#### [WORK TO COMPLETE]
Search the records for the word "fineK" and copy every line in which it occurs.

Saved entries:
============================================================

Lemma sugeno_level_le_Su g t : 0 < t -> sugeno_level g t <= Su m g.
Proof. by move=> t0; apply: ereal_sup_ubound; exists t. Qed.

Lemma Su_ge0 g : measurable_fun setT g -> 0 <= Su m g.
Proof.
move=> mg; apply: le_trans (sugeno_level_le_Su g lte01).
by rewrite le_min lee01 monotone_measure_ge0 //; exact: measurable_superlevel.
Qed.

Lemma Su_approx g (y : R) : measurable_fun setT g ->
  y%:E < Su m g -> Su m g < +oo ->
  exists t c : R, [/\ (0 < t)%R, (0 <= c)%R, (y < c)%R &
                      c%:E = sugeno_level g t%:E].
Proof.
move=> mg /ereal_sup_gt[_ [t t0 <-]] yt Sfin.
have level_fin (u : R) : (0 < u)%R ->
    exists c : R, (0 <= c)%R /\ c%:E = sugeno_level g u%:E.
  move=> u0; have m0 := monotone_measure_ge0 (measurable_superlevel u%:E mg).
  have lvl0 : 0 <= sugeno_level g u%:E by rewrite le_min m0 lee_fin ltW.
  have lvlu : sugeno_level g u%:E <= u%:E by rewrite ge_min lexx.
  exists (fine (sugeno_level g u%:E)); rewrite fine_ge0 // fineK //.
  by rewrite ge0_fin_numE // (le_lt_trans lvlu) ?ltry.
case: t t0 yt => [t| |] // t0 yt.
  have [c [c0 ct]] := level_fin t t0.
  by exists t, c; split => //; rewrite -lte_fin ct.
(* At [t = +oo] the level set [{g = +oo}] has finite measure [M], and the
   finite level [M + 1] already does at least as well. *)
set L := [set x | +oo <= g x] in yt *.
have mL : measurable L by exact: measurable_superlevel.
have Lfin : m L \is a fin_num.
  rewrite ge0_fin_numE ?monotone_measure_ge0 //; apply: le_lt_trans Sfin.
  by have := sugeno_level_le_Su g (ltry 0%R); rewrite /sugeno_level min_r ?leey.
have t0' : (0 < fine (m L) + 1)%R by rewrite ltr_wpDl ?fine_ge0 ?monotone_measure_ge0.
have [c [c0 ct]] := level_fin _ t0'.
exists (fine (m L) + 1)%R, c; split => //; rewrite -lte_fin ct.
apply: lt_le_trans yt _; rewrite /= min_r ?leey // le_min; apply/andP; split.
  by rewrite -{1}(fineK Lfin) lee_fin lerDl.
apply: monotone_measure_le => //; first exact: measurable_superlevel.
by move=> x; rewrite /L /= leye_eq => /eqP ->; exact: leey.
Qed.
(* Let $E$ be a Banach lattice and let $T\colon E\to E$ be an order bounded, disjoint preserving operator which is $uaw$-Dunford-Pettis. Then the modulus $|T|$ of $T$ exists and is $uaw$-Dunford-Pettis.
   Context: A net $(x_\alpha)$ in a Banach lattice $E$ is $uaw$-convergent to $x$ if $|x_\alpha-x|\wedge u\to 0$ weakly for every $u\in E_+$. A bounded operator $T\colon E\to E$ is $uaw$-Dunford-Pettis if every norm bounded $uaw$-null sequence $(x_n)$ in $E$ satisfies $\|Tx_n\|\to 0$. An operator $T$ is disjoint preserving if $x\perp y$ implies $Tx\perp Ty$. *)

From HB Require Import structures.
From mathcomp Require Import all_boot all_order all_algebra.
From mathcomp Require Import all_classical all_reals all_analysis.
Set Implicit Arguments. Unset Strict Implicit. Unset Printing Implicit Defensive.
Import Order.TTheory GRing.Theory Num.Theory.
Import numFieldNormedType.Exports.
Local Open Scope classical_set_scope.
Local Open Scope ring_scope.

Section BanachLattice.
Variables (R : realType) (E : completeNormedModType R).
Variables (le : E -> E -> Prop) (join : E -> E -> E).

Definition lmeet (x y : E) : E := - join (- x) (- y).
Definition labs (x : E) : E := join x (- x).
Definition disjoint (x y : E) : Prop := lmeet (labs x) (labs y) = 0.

============================================================

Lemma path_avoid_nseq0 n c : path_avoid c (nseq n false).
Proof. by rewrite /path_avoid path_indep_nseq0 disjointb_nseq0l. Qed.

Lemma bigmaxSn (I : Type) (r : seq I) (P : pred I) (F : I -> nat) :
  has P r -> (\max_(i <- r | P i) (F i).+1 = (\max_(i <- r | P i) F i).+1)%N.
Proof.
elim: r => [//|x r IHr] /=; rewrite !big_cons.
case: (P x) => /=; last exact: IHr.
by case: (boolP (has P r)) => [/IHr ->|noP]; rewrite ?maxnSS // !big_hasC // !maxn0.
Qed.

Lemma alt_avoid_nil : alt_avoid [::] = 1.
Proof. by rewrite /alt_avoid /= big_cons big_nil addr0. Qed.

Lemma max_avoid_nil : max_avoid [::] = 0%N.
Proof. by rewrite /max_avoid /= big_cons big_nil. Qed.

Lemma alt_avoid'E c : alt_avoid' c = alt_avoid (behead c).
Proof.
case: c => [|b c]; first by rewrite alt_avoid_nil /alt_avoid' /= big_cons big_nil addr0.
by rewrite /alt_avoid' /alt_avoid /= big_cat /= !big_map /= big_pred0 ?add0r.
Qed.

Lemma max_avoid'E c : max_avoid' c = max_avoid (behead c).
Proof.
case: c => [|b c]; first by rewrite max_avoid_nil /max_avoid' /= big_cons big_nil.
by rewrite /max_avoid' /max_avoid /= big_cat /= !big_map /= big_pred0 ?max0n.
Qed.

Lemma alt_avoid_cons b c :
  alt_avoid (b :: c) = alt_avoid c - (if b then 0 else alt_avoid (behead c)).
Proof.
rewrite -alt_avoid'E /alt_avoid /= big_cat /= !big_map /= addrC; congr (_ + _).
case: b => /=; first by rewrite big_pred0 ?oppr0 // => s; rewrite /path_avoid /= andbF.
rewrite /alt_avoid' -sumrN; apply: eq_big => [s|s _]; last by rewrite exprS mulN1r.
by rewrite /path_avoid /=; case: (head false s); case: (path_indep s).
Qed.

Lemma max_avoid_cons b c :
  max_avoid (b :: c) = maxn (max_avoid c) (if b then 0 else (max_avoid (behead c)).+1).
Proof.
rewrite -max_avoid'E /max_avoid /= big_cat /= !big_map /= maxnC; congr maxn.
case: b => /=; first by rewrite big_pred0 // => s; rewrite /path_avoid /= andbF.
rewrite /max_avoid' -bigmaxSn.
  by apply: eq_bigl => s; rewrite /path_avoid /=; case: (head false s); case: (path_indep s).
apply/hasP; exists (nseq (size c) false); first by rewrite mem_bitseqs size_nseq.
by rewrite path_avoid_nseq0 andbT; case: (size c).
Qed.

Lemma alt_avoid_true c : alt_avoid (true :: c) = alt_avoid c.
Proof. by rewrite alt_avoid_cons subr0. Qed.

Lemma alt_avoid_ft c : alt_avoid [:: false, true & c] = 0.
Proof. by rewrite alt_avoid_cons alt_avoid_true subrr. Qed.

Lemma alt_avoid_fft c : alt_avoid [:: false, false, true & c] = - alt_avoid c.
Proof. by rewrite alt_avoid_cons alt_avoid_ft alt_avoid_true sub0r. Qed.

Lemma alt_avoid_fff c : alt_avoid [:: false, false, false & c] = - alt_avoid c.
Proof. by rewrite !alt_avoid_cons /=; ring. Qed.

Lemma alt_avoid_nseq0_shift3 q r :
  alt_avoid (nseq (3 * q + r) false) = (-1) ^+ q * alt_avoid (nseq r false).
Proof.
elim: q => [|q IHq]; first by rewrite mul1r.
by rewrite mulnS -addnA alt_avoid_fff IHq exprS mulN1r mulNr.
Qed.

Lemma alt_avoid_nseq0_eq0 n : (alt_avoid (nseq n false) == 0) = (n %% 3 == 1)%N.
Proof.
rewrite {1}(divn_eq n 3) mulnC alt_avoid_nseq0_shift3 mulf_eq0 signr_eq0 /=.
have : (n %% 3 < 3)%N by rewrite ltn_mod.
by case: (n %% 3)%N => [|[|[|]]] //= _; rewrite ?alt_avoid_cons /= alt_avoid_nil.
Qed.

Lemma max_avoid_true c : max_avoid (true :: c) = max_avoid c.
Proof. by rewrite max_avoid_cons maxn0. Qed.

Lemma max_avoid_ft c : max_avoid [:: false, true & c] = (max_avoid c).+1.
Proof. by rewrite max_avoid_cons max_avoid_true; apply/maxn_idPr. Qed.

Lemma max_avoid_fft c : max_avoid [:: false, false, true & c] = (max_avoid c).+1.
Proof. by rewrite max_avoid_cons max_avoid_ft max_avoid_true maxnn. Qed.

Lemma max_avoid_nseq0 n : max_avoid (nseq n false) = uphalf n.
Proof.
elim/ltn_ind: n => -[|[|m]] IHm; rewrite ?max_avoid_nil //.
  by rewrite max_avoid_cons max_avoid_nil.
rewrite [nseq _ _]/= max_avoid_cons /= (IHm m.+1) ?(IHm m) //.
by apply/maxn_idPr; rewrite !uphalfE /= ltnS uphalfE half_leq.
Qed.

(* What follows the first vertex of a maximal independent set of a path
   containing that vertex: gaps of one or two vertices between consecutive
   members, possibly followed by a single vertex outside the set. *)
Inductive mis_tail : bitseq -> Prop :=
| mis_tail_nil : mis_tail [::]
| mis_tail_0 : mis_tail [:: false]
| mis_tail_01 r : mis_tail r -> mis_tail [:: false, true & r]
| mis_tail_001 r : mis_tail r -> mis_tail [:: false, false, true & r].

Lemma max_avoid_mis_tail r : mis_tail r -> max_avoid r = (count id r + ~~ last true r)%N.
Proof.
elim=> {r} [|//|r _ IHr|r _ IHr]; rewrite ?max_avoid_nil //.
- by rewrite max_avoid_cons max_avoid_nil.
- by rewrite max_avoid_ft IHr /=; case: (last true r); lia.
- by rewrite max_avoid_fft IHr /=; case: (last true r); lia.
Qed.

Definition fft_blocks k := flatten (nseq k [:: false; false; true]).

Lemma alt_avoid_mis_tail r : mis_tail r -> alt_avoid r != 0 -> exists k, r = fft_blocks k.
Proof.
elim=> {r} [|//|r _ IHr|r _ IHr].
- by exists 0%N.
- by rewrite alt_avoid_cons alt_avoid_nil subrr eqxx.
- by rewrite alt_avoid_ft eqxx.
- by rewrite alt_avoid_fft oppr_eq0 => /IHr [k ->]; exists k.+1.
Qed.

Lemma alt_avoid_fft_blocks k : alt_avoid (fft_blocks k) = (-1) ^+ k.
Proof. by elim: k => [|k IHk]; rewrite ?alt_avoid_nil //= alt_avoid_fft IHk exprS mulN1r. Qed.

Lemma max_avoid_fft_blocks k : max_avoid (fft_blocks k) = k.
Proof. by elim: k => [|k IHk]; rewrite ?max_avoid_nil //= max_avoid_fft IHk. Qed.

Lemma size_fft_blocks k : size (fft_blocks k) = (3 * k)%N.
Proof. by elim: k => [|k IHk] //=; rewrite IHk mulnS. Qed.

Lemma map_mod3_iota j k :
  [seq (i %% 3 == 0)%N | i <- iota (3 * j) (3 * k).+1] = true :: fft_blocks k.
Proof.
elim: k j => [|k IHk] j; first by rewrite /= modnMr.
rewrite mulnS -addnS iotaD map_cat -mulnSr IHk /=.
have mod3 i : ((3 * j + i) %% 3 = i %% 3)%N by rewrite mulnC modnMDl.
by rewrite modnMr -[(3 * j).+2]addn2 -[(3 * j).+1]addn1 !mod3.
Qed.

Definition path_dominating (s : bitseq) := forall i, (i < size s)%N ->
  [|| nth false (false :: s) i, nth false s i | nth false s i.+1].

============================================================

#### [RESULT]
  exists (fine (sugeno_level g u%:E)); rewrite fine_ge0 // fineK //.
  by rewrite -{1}(fineK Lfin) lee_fin lerDl.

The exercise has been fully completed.